Head and Neck Cancer
Head and neck cancer is not a single disease. It's a collection of cancers that begin in the mouth, throat, nose, voice box, sinuses, or even the tongue. These cancers most often begin in the cells that cover the moist surfaces of the head and neck region — such as the mouth or throat — and they can spread if they're not caught early.
Head and neck cancers are extremely prevalent in India, particularly among men. In fact, 1 in every 33 Indian men can develop it during their lifetime. All this is primarily due to chewing tobacco, smoking, alcohol consumption, or infection with HPV. That's why awareness is important.
the signs are
- A swelling or lump in the neck
- Difficulty swallowing
- Hoarseness or voice change
- A mouth ulcer or non-healing sore
- Ear pain or ringing sensation
- Blocked nose or recurrent nosebleeds
- A sore that just doesn't heal, especially inside the mouth
Patients may ignore these in the early stages, thinking it's just a throat infection or ulcer — but these small signs can be life-saving if caught early.
Now let's talk about the types of head and neck cancer you might come across in practice.

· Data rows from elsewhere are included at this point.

Lemma merge_partsE x l : x \in compositions n k.+1 ->
  (merge_parts i j x l : nat) = x (lift j l) + (if lift j l == i then (x j : nat) else 0).
Proof.
move=> xC; rewrite ffunE inordK // ltnS.
case: eqP => [->|_]; first exact: comp_two_parts_le.
by rewrite addn0 -ltnS.
Qed.

Lemma merge_parts_comp x :
  x \in compositions n k.+1 -> merge_parts i j x \in compositions n k.
Proof.
move=> xC; have [l0 ei|ei] := unliftP j i; last by move: neq_ij; rewrite ei eqxx.
apply/compositionsP; split=> [|l]; last first.
  by rewrite merge_partsE // ltn_addr // comp_part_gt0.
under eq_bigr do rewrite merge_partsE //.
rewrite big_split /= -big_mkcond ei.
rewrite [X in _ + X](big_pred1 l0) => [|l]; last by apply/eqP/eqP => [/lift_inj|->].
by rewrite -[RHS](comp_sum xC) (bigD1_ord j) //= addnC.
Qed.

Lemma merge_parts_inj x y :
  x \in compositions n k.+1 -> y \in compositions n k.+1 ->
  x i = x j -> y i = y j -> merge_parts i j x = merge_parts i j y -> x = y.
Proof.
move=> xC yC xij yij /ffunP E.
have {}E l : (x (lift j l) : nat) + (if lift j l == i then (x j : nat) else 0) =
             y (lift j l) + (if lift j l == i then (y j : nat) else 0).
  by rewrite -!merge_partsE // E.
have [l0 ei|ei] := unliftP j i; last by move: neq_ij; rewrite ei eqxx.
have xyj : x j = y j.
  by apply: ord_inj; have := E l0; rewrite -ei eqxx xij yij; lia.
apply/ffunP => t; have [l ->|->] // := unliftP j t.
have [e|ne] := eqVneq (lift j l) i; first by rewrite e xij yij.
by apply: ord_inj; have := E l; rewrite (negbTE ne) !addn0.
Qed.

End MergeParts.

(* Recording a pair of equal parts and merging them is an injection, so at
   most (k+1)^2 #C(n, k) compositions into k+1 parts have two equal parts. *)
Lemma card_equal_parts_le n k :
  #|comps_with_equal_parts n k.+1| <= k.+1 * k.+1 * #|compositions n k|.
Proof.
pose pair_of (x : {ffun 'I_k.+1 -> 'I_n.+1}) := odflt (ord0, ord0)
  [pick p : 'I_k.+1 * 'I_k.+1 | (p.1 < p.2) && (x p.1 == x p.2)].
have pairP x : x \in comps_with_equal_parts n k.+1 ->
  [/\ x \in compositions n k.+1, (pair_of x).1 != (pair_of x).2
    & x (pair_of x).1 = x (pair_of x).2].
  rewrite inE => /andP [xC /existsP [i /existsP [j /andP [ij eij]]]].
  rewrite /pair_of; case: pickP => [p /andP [lt_p /eqP ep]|/(_ (i, j))].
    by rewrite neq_ltn lt_p.
  by rewrite /= ij eij.
apply: (@leq_trans #|setX [set: 'I_k.+1 * 'I_k.+1] (compositions n k)|); last first.
  by rewrite cardsX cardsT card_prod !card_ord.
apply: (@card_le_inj_in _ _ _ _
   (fun x => (pair_of x, merge_parts (pair_of x).1 (pair_of x).2 x))).
- move=> x y /pairP [xC ne ex] /pairP [yC _ ey] [E1 E2].
  by rewrite -E1 in ey E2; apply: (merge_parts_inj ne xC yC ex ey E2).
- by move=> x /pairP [xC ne _]; rewrite inE /= in_setT merge_parts_comp.
Qed.

Lemma card_equal_parts_bound n K : 1 < K ->
  #|comps_with_equal_parts n K| * (n - K.-1) <= K ^ 3 * #|compositions n K|.
Proof.
case: K => [|k] //= k_gt0.
apply: (@leq_trans (k.+1 * k.+1 * #|compositions n k| * (n - k))).
  by rewrite leq_mul2r card_equal_parts_le orbT.
rewrite -mulnA card_compositions_ratio // mulnA leq_mul2r.
by apply/orP; right; rewrite !expnS expn0 muln1 mulnA leq_mul2l leqnSn orbT.
Qed.

Definition distinct_compositions n k : {set {ffun 'I_k -> 'I_n.+1}} :=
  [set x in compositions n k | injectiveb x].

Lemma distinct_compositionsP n k (x : {ffun 'I_k -> 'I_n.+1}) :
  reflect (x \in compositions n k /\ injective x) (x \in distinct_compositions n k).
Proof.
by apply: (iffP setIdP) => -[xC /injectiveP].
Qed.

Lemma distinct_sub_compositions n k :
  distinct_compositions n k \subset compositions n k.
Proof. by apply/subsetP => x /setIdP []. Qed.

Lemma exists_equal_pair k (T : eqType) (x : 'I_k -> T) :
  [exists i : 'I_k, exists j : 'I_k, (i < j) && (x i == x j)] = ~~ injectiveb x.
Proof.
apply/idP/idP => [/existsP [i /existsP [j /andP [ij /eqP eij]]]|].
  by apply/negP => /injectiveP x_inj; move: ij; rewrite (x_inj _ _ eij) ltnn.
apply: contraR => /existsPn no_pair; apply/injectiveP => i j eij.
have [ij|ji|/ord_inj //] := ltngtP i j.
  by have /existsPn/(_ j) := no_pair i; rewrite ij eij eqxx.
by have /existsPn/(_ i) := no_pair j; rewrite ji eij eqxx.
Qed.

Lemma card_equal_parts_distinct n k :
  #|comps_with_equal_parts n k| + #|distinct_compositions n k| = #|compositions n k|.
Proof.
have -> : comps_with_equal_parts n k = compositions n k :\: distinct_compositions n k.
  apply/setP => x; rewrite in_setD [x \in distinct_compositions _ _]inE.
  rewrite [x \in comps_with_equal_parts _ _]inE exists_equal_pair.
  by case: (x \in compositions n k); rewrite ?andbT.
rewrite -(cardsID (distinct_compositions n k) (compositions n k)) addnC.
by rewrite (setIidPr (distinct_sub_compositions n k)).
Qed.

(* The codomain 'I_N.+1 of x is arbitrary, since lowering is also
   applied to compositions with a part removed. *)
Definition lower_parts m N k (x : {ffun 'I_k -> 'I_N.+1}) : {ffun 'I_k -> 'I_m.+1} :=
  [ffun i => inord (x i).-1].

Definition comp_parts_gt1 m N k (x : {ffun 'I_k -> 'I_N.+1}) :=
  \sum_i (x i : nat) = m + k /\ forall i, 1 < x i.

Lemma lower_partsE m N k (x : {ffun 'I_k -> 'I_N.+1}) i :
  comp_parts_gt1 m x -> (lower_parts m x i : nat) = (x i).-1.
Proof.
move=> [x_sum x_gt1]; rewrite ffunE inordK // ltnS -subn1.
apply: leq_trans (sum_term_le (fun l => (x l : nat) - 1) i) _.
rewrite sumnB => [|l _]; last exact: ltnW.
by rewrite x_sum sum_nat_const card_ord muln1 addnK.
Qed.

Lemma lower_parts_inj m N k (x y : {ffun 'I_k -> 'I_N.+1}) :
  comp_parts_gt1 m x -> comp_parts_gt1 m y -> lower_parts m x = lower_parts m y -> x = y.
Proof.
move=> hx hy /ffunP E; apply/ffunP => i; apply: ord_inj.
have := E i; move/(congr1 (@nat_of_ord _)); rewrite !lower_partsE //.
by move=> e; rewrite -(prednK (ltnW (hx.2 i))) -(prednK (ltnW (hy.2 i))) e.
Qed.

Lemma lower_parts_distinct m N k (x : {ffun 'I_k -> 'I_N.+1}) :
  comp_parts_gt1 m x -> injective x -> lower_parts m x \in distinct_compositions m k.
Proof.
move=> hx x_inj; apply/distinct_compositionsP; split.
  apply/compositionsP; split=> [|i]; last by rewrite lower_partsE // -subn1 subn_gt0 hx.2.
  under eq_bigr do rewrite lower_partsE // -subn1.
  rewrite sumnB => [|i _]; last by rewrite ltnW ?hx.2.
  by rewrite hx.1 sum_nat_const card_ord muln1 addnK.
move => i j /(congr1 (@nat_of_ord _)); rewrite !lower_partsE // => eij.
by apply: x_inj; apply: ord_inj; have := hx.2 i; have := hx.2 j; lia.
Qed.

Definition all_parts_gt1 n k : {set {ffun 'I_k -> 'I_n.+1}} :=
  [set x : {ffun 'I_k -> 'I_n.+1} | [forall i, 1 < x i]].

Lemma card_distinct_parts_gt1 n k :
  #|distinct_compositions n k :&: all_parts_gt1 n k|
    <= #|distinct_compositions (n - k) k|.
Proof.
have gt1 x : x \in distinct_compositions n k :&: all_parts_gt1 n k ->
    injective x /\ comp_parts_gt1 (n - k) x.
  rewrite in_setI [x \in all_parts_gt1 _ _]inE.
  move=> /andP [/distinct_compositionsP [xC x_inj] /forallP x_gt1].
  by split=> //; split=> //; rewrite subnK ?(comp_sum xC) ?(comp_length_le xC).
apply: (@card_le_inj_in _ _ _ _ (@lower_parts (n - k) n k)).
  by move=> x y /gt1 [_ hx] /gt1 [_ hy]; apply: lower_parts_inj.
by move=> x /gt1 [x_inj hx]; apply: lower_parts_distinct.
Qed.

(* A distinct composition with a part equal to 1 is determined by the
   position p of that part and by the lowering of the remaining parts. *)
Definition drop_part n k (p : 'I_k.+1) (x : {ffun 'I_k.+1 -> 'I_n.+1}) :
    {ffun 'I_k -> 'I_n.+1} :=
  [ffun l => x (lift p l)].

Definition pos_part1 n k (x : {ffun 'I_k.+1 -> 'I_n.+1}) : 'I_k.+1 :=
  odflt ord0 [pick i | x i == 1 :> nat].

Lemma distinct_part1P n k (x : {ffun 'I_k.+1 -> 'I_n.+1}) :
  x \in distinct_compositions n k.+1 :\: all_parts_gt1 n k.+1 ->
  [/\ (x (pos_part1 x) : nat) = 1, injective x
     & comp_parts_gt1 (n - k.+1) (drop_part (pos_part1 x) x)].
Proof.
rewrite in_setD [x \in all_parts_gt1 _ _]inE.
move=> /andP [/forallPn [i0 x_i0] /distinct_compositionsP [xC x_inj]].
have x1 : (x (pos_part1 x) : nat) = 1.
  rewrite /pos_part1; case: pickP => [i /eqP //|/(_ i0) /negbT].
  by have := comp_part_gt0 i0 xC; move: x_i0; case: (x i0 : nat) => [|[]].
split=> //; split=> [|l]; last first.
  rewrite ffunE ltn_neqAle eq_sym -x1 (inj_eq val_inj) (inj_eq x_inj).
  by rewrite [lift _ _ == _]eq_sym neq_lift x1 comp_part_gt0.
under eq_bigr do rewrite ffunE.
have := comp_sum xC; rewrite (bigD1_ord (pos_part1 x)) //= x1.
by have := comp_length_le xC; lia.
Qed.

The most prevalent one is Squamous Cell Carcinoma. It occurs in approximately 90% of all head and neck cancers. It starts with the flat squamous cells that cover locations such as the mouth, throat, and larynx. Tobacco and alcohol use are the largest perpetrators of this type — particularly when used together.
Then there is Adenocarcinoma. This is less frequently occurring, and it accounts for some 5 to 10% of head and neck cancers. It begins in the glandular tissue, and its etiology may be due to HPV infection, previous radiation exposure, or — once again — smoking.

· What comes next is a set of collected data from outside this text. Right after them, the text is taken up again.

Lemma colored_shrink t : tower p t -> colored p t <-> colored q (shrink j t).
Proof.
by move=> tw; have [tw' grow_t] := tower_shrink tw; rewrite colored_grow // grow_t.
Qed.

Lemma ltn_shrink t1 t2 : tower p t1 -> tower p t2 ->
  t1.1 < t2.1 -> (shrink j t1).1 < (shrink j t2).1.
Proof.
move=> tw1 tw2; rewrite -{1}(tower_shrink tw1).2 -{1}(tower_shrink tw2).2.
by rewrite !grow_fst ltn_shift.
Qed.

Lemma shrink_height t : tower p t -> t <> (j, i.+1) -> (shrink j t).2 = t.2.
Proof.
move=> tw neq; rewrite /shrink; case: ltngtP => // eq_j.
by case: neq; apply: tower_start_inj tw tower_p _.
Qed.

Lemma shrink_inj (F : {fset nat * nat}) :
  {in F, forall t, tower p t} -> {in F &, injective (shrink j)}.
Proof.
move=> twF x y xF yF eq_xy.
by rewrite -(tower_shrink (twF x xF)).2 eq_xy (tower_shrink (twF y yF)).2.
Qed.

Lemma grow_inj (F : {fset nat * nat}) :
  {in F, forall t, tower q t} -> {in F &, injective (grow j)}.
Proof.
move=> twF x y xF yF eq_xy.
by rewrite -(tower_grow (twF x xF)).2 eq_xy (tower_grow (twF y yF)).2.
Qed.

Lemma grow_shrinkK (F : {fset nat * nat}) :
  {in F, forall t, tower p t} -> grow j @` (shrink j @` F) = F.
Proof. by move=> twF; apply: imfset_can => t /twF /tower_shrink[]. Qed.

Lemma shrink_growK (F : {fset nat * nat}) :
  {in F, forall t, tower q t} -> shrink j @` (grow j @` F) = F.
Proof. by move=> twF; apply: imfset_can => t /twF /tower_grow[]. Qed.

Lemma marked_shrink n m r S R :
  marked n.+1 m r p S R -> marked n m r q (shrink j @` S) (shrink j @` R).
Proof.
move=> mk; have [twS twR] := marked_towers mk; case: mk => elev col cardS RS cardR.
split.
- exact/elevated_shrink.
- by move=> _ /imfsetP[t tS ->]; apply/colored_shrink; [exact: twS | exact: col].
- by rewrite card_in_imfset_fset //; apply: shrink_inj.
- exact: imfsetS.
- by rewrite card_in_imfset_fset //; apply: shrink_inj.
Qed.

Lemma marked_grow n m r S R :
  marked n m r q S R -> marked n.+1 m r p (grow j @` S) (grow j @` R).
Proof.
move=> mk; have [twS twR] := marked_towers mk; case: mk => elev col cardS RS cardR.
split.
- exact/elevated_shrink.
- by move=> _ /imfsetP[t tS ->]; apply/colored_grow; [exact: twS | exact: col].
- by rewrite card_in_imfset_fset //; apply: grow_inj.
- exact: imfsetS.
- by rewrite card_in_imfset_fset //; apply: grow_inj.
Qed.

End Shrink.

(** * Shrinking the labelled towers one at a time *)

Definition quad := (word * {fset nat * nat} * {fset nat * nat} * {fset nat * nat})%type.

(* [W] holds the labelled towers still to be shrunk: the leftmost [k] towers
   of [R], all of height at least 2. *)
Definition stage (n m r k : nat) (x : quad) : Prop :=
  let: (p, Sc, R, W) := x in
  marked n m r p Sc R /\
  [/\ W `<=` R, #|` W| = k, {in W, forall t, height_ge2 t}
    & {in W, forall w, {in R `\` W, forall z, w.1 < z.1}}].

Definition shrink_step_at (a b : word) (i : nat) (x y : quad) : Prop :=
  let: (p, Sc, R, W) := x in let: (q, Sc', R', W') := y in
  [/\ 0 < i, p = a ++ block i.+1 ++ b, q = a ++ block i ++ b,
      (size a, i.+1) \in W & {in W, forall u, u.1 <= size a}] /\
  [/\ Sc' = shrink (size a) @` Sc, R' = shrink (size a) @` R
    & W' = shrink (size a) @` (W `\ (size a, i.+1))].

Definition shrink_step (x y : quad) : Prop := exists a b i, shrink_step_at a b i x y.

Lemma stage_towers n m r k p Sc R W : stage n m r k (p, Sc, R, W) ->
  [/\ {in Sc, forall t, tower p t}, {in R, forall t, tower p t}
    & {in W, forall t, tower p t}].
Proof.
case=> /marked_towers[twS twR] [/fsubsetP WR _ _ _].
by split=> // t /WR; apply: twR.
Qed.

Lemma stage_shrink n m r k x :
  stage n.+1 m r k.+1 x -> exists y, stage n m r k y /\ shrink_step x y.
Proof.
case: x => [[[p Sc] R] W] st; have [_ twR twW] := stage_towers st.
case: st => mk [WR cardW hW leftW].
have [[j h] wW w_max] : exists2 w, w \in W & {in W, forall u, u.1 <= w.1}.
  by apply: fset_arg_max; apply/eqP => W0; move: cardW; rewrite W0 cardfs0.
have tw := twW _ wW; have h_ge2 : 2 <= h := hW _ wW.
have [i eq_h] : exists i, h = i.+1 by exists h.-1; lia.
subst h; have i_gt0 : 0 < i by lia.
have [a [b [eq_p eq_j]]] := tower_split tw; subst p j.
set W' := W `\ (size a, i.+1).
have twW' : {in W', forall t, tower (a ++ block i.+1 ++ b) t}.
  by move=> t /fsetD1P[_ /twW].
exists (a ++ block i ++ b, shrink (size a) @` Sc, shrink (size a) @` R,
  shrink (size a) @` W').
split; last by exists a, b, i.
split; first exact: (marked_shrink i_gt0 tw mk).
split.
- by apply: imfsetS; apply: fsubset_trans WR; apply: fsubsetDl.
- rewrite card_in_imfset_fset; last exact: (shrink_inj i_gt0 tw twW').
  by move: cardW; rewrite (cardfsD1 (size a, i.+1)) wW add1n => -[].
- move=> _ /imfsetP[t /fsetD1P[neq_t tW] ->].
  by rewrite /height_ge2 (shrink_height tw (twW _ tW)); [exact: hW | exact/eqP].
- move=> _ /imfsetP[u /fsetD1P[neq_u uW] ->].
  move=> _ /fsetDP[/imfsetP[z zR ->] z_notin].
  apply: (ltn_shrink i_gt0 tw (twW _ uW) (twR _ zR)).
  have zW' : z \notin W' by apply: contra z_notin => zW'; apply: in_imfset.
  case: (eqVneq z (size a, i.+1)) => [-> | neq_z].
    rewrite ltn_neqAle w_max // andbT; apply/eqP => eq_start.
    by move/eqP: neq_u; apply; apply: tower_start_inj (twW _ uW) tw _.
  apply: leftW => //; apply/fsetDP; split=> //.
  by apply: contra zW' => zW; apply/fsetD1P.
Qed.

Lemma stage_grow n m r k y : k < r ->
  stage n m r k y -> exists x, stage n.+1 m r k.+1 x /\ shrink_step x y.
Proof.
case: y => [[[q Sc] R] W] k_lt st; have [twS twR twW] := stage_towers st.
case: st => mk [WR cardW hW leftW]; have cardR : #|` R| = r by case: mk.
have [[j i] zRW z_min] :
    exists2 z, z \in R `\` W & {in R `\` W, forall u, z.1 <= u.1}.
  apply: fset_arg_min; apply/fset0Pn.
  have /fsubsetPn[z zR zW] : ~~ (R `<=` W).
    by apply: contraL k_lt => /fsubset_leq_card; rewrite cardW cardR leqNgt.
  by exists z; apply/fsetDP.
case/fsetDP: (zRW) => zR _; have tw := twR _ zR.
have /= i_gt0 := tower_height_gt0 tw.
have [a [b [eq_q eq_j]]] := tower_split tw; subst q j.
have tw_p : tower (a ++ block i.+1 ++ b) (size a, i.+1).
  by rewrite tower_shrink_block.
have W_left : {in W, forall u, u.1 < size a}.
  by move=> u uW; apply: (leftW _ uW _ zRW).
set W' := (size a, i.+1) |` grow (size a) @` W.
have new_notin : (size a, i.+1) \notin grow (size a) @` W.
  apply/imfsetP => -[[j' h] uW]; have /= lt_j' := W_left _ uW.
  by rewrite grow_before // => -[eq_j _]; move: lt_j'; rewrite eq_j ltnn.
exists (a ++ block i.+1 ++ b, grow (size a) @` Sc, grow (size a) @` R, W').
split.
  split; first exact: (marked_grow i_gt0 tw_p mk).
  split.
  - rewrite fsubUset fsub1set -(grow_at (size a) i) in_imfset //=.
    exact: imfsetS.
  - rewrite cardfsU1 new_notin card_in_imfset_fset ?cardW //.
    exact: (grow_inj i_gt0 tw_p).
  - move=> t /fset1UP[-> | /imfsetP[u uW ->]]; first by rewrite /height_ge2 /=; lia.
    exact: leq_trans (hW u uW) (grow_height _ _).
  - move=> w w_in _ /fsetDP[/imfsetP[t tR ->] t_notin].
    have tW : t \notin W.
      by apply: contra t_notin => tW; rewrite in_fset1U in_imfset ?orbT.
    have lt_t : size a < t.1.
      rewrite ltn_neqAle z_min ?andbT; last by apply/fsetDP.
      apply: contra t_notin => /eqP eq_start.
      by rewrite -(tower_start_inj tw (twR _ tR) eq_start) grow_at fset1U1.
    case/fset1UP: w_in => [-> | /imfsetP[u uW ->]].
      by rewrite -(grow_at _ i) !grow_fst ltn_shift.
    by rewrite !grow_fst ltn_shift leftW //; apply/fsetDP.
exists a, b, i; split; split=> //.
- exact: fset1U1.
- move=> _ /fset1UP[-> // | /imfsetP[[j' h] uW ->]].
  by have /= /ltnW le_j := W_left _ uW; rewrite grow_fst /shift le_j.
- by rewrite (shrink_growK i_gt0 tw_p twS).
- by rewrite (shrink_growK i_gt0 tw_p twR).
- by rewrite fsetU1K // (shrink_growK i_gt0 tw_p twW).
Qed.

Lemma shrink_step_functional n m r k x y1 y2 :
  stage n.+1 m r k.+1 x -> shrink_step x y1 -> shrink_step x y2 -> y1 = y2.
Proof.
case: x => [[[p Sc] R] W] st; have [_ _ twW] := stage_towers st.
case: y1 => [[[q1 Sc1] R1] W1]; case: y2 => [[[q2 Sc2] R2] W2].
move=> [a1 [b1 [i1 [[_ eq_p1 -> w1W w1_max] [-> -> ->]]]]].
move=> [a2 [b2 [i2 [[_ eq_p2 -> w2W w2_max] [-> -> ->]]]]].
have eq_size : size a1 = size a2.
  by apply/eqP; rewrite eqn_leq (w2_max _ w1W) (w1_max _ w2W).
have [_ eq_i] : (size a1, i1.+1) = (size a2, i2.+1).
  exact: tower_start_inj (twW _ w1W) (twW _ w2W) eq_size.
subst i2.
by have [-> ->] := cat_block_inj eq_size (etrans (esym eq_p1) eq_p2).
Qed.

Lemma shrink_step_at_leftmost n m r k a b i p Sc R W q Sc' R' W' :
  stage n.+1 m r k.+1 (p, Sc, R, W) ->
  shrink_step_at a b i (p, Sc, R, W) (q, Sc', R', W') ->
  (size a, i) \in R' `\` W' /\ {in R' `\` W', forall z, size a <= z.1}.
Proof.
move=> st; have [_ twR twW] := stage_towers st.
case: st => _ [/fsubsetP WR _ _ leftW].
move=> [[i_gt0 eq_p _ wW _] [_ -> ->]]; subst p; have tw := twW _ wW.
have shrink_w : shrink (size a) (size a, i.+1) = (size a, i) by rewrite shrink_at.
split.
  rewrite in_fsetD -shrink_w; apply/andP; split; last by apply/in_imfset/WR.
  apply/imfsetP=> -[u /fsetD1P[neq_u uW] eq_u]; move/eqP: neq_u; apply.
  by apply: (shrink_inj i_gt0 tw twR); rewrite ?WR.
move=> _ /fsetDP[/imfsetP[z zR ->] z_notin].
case: (eqVneq z (size a, i.+1)) => [-> | neq_z]; first by rewrite shrink_w.
apply: ltnW; rewrite -[X in X < _]/((size a, i).1) -shrink_w.
apply: (ltn_shrink i_gt0 tw tw (twR _ zR)).
apply: leftW => //; apply/fsetDP; split=> //.
by apply: contra z_notin => zW; apply: in_imfset; apply/fsetD1P.
Qed.

Lemma shrink_step_injective n m r k x1 x2 y :
  stage n.+1 m r k.+1 x1 -> stage n.+1 m r k.+1 x2 -> stage n m r k y ->
  shrink_step x1 y -> shrink_step x2 y -> x1 = x2.
Proof.
case: x1 x2 y => [[[p1 Sc1] R1] W1] [[[p2 Sc2] R2] W2] [[[q Sc'] R'] W'].
move=> st1 st2 sty.
have [_ twR' _] := stage_towers sty.
move=> [a1 [b1 [i1 rel1]]] [a2 [b2 [i2 rel2]]].
have [t1 t1_min] := shrink_step_at_leftmost st1 rel1.
have [t2 t2_min] := shrink_step_at_leftmost st2 rel2.
have eq_size : size a1 = size a2.
  by apply/eqP; rewrite eqn_leq (t1_min _ t2) (t2_min _ t1).
have [_ eq_i] : (size a1, i1) = (size a2, i2).
  case/fsetDP: t1 => /twR' t1 _; case/fsetDP: t2 => /twR' t2 _.
  exact: tower_start_inj t1 t2 eq_size.
subst i2; case: rel1 rel2 => [[i_gt0 eq_p1 eq_q1 w1W _] [eSc1 eR1 eW1]].
move=> [[_ eq_p2 eq_q2 w2W _] [eSc2 eR2 eW2]].
have [eq_a eq_b] := cat_block_inj eq_size (etrans (esym eq_q1) eq_q2).
subst a2 b2 p1 p2.
have [twS1 twR1 twW1] := stage_towers st1; have [twS2 twR2 twW2] := stage_towers st2.
have tw := twW1 _ w1W.
set p := a1 ++ block i1.+1 ++ b1.
have twW1' : {in W1 `\ (size a1, i1.+1), forall t, tower p t}.
  by move=> t /fsetD1P[_ /twW1].
have twW2' : {in W2 `\ (size a1, i1.+1), forall t, tower p t}.
  by move=> t /fsetD1P[_ /twW2].
congr (_, _, _, _).
- rewrite -(grow_shrinkK i_gt0 tw twS1) -(grow_shrinkK i_gt0 tw twS2).
  by rewrite -eSc1 -eSc2.
- rewrite -(grow_shrinkK i_gt0 tw twR1) -(grow_shrinkK i_gt0 tw twR2).
  by rewrite -eR1 -eR2.
rewrite -(fsetD1K w1W) -(fsetD1K w2W) -(grow_shrinkK i_gt0 tw twW1').
by rewrite -(grow_shrinkK i_gt0 tw twW2') -eW1 -eW2.
Qed.

(** * Assembling the bijection *)

Definition equipotent (A B : Type) := exists f : A -> B, bijective f.

Lemma equipotent_trans A B C : equipotent A B -> equipotent B C -> equipotent A C.
Proof. by case=> f f_bij [g g_bij]; exists (g \o f); apply: bij_comp. Qed.

Lemma equipotent_empty A B : (A -> False) -> (B -> False) -> equipotent A B.
Proof.
move=> A0 B0; exists (fun x => False_rect B (A0 x)).
by exists (fun y => False_rect A (B0 y)) => [x | y]; [case: (A0 x) | case: (B0 y)].
Qed.

Lemma equipotent_sig_rel X Y (P : X -> Prop) (Q : Y -> Prop) (Rel : X -> Y -> Prop) :
  (forall x, P x -> exists y, Q y /\ Rel x y) ->
  (forall y, Q y -> exists x, P x /\ Rel x y) ->
  (forall x y1 y2, P x -> Q y1 -> Q y2 -> Rel x y1 -> Rel x y2 -> y1 = y2) ->
  (forall x1 x2 y, P x1 -> P x2 -> Q y -> Rel x1 y -> Rel x2 y -> x1 = x2) ->
  equipotent {x | P x} {y | Q y}.
Proof.
move=> total surj func inj.
have sval_inj Z (T : Z -> Prop) (u v : {z | T z}) : sval u = sval v -> u = v.
  by case: u v => [z tz] [z' tz'] /= eq_z; apply: subset_eq_compat.
have F (x : {x | P x}) : {y : {y | Q y} | Rel (sval x) (sval y)}.
  have [y [qy rxy]] := constructive_indefinite_description _ (total _ (svalP x)).
  by exists (exist _ y qy).
have G (y : {y | Q y}) : {x : {x | P x} | Rel (sval x) (sval y)}.
  have [x [px rxy]] := constructive_indefinite_description _ (surj _ (svalP y)).
  by exists (exist _ x px).
exists (fun x => sval (F x)); exists (fun y => sval (G y)) => [x | y]; apply: sval_inj.
- exact: inj (svalP _) (svalP _) (svalP _) (svalP (G _)) (svalP (F x)).
- exact: func (svalP _) (svalP _) (svalP _) (svalP (F _)) (svalP (G y)).
Qed.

The other subtype is Cutaneous Squamous Cell Carcinoma, or cSCC. It is basically a skin cancer but can manifest in the head and neck area. Although it can begin on the surface, some of its subtypes can be aggressive in their behavior, depending on pathology.
And lastly, we have Lymphomas in this area — they constitute 5 to 10% of head and neck tumors. These originate from the lymphoid system, and we usually find them in association with Epstein-Barr Virus (EBV), chronic inflammation, or intense family history.
Let us learn about the Staging of Head and Neck Cancer
Stage 0 is when the cancer has not penetrated to the surface. It is still in the epithelial layer — that is, very early and not invasive into deeper tissues.
Stage 1 is a small, localized tumor — 2 centimeters or smaller, and no evidence of spread to lymph nodes or distant sites.
Stage 2 signifies that the tumor has increased in size — between 2 and 5 centimeters, but is yet to move from the initial location.
Stage 3 is where the tumor is either more than 4 centimeters in size, or has begun moving towards adjacent lymph nodes, usually on the same side of the Stage 4 is the most advanced. In this stage, the cancer might have spread from the local area — perhaps to other organs like the lungs, bones, or liver.
Now let's discuss grading, which informs us about how severe or quick-growing the cancer could be — depending on how the cells appear under a microscope.
Grade 1, or low-grade cancer, is very much like normal cells. These tumors are typically slow-growing and less aggressive.
Grade 2, or intermediate-grade, indicates the cells are more irregular. They grow faster than grade 1 but not as aggressively as grade 3.
Grade 3, or high-grade, means that the cancer cells appear very abnormal. These tumors will grow more quickly and are more likely to spread more quickly.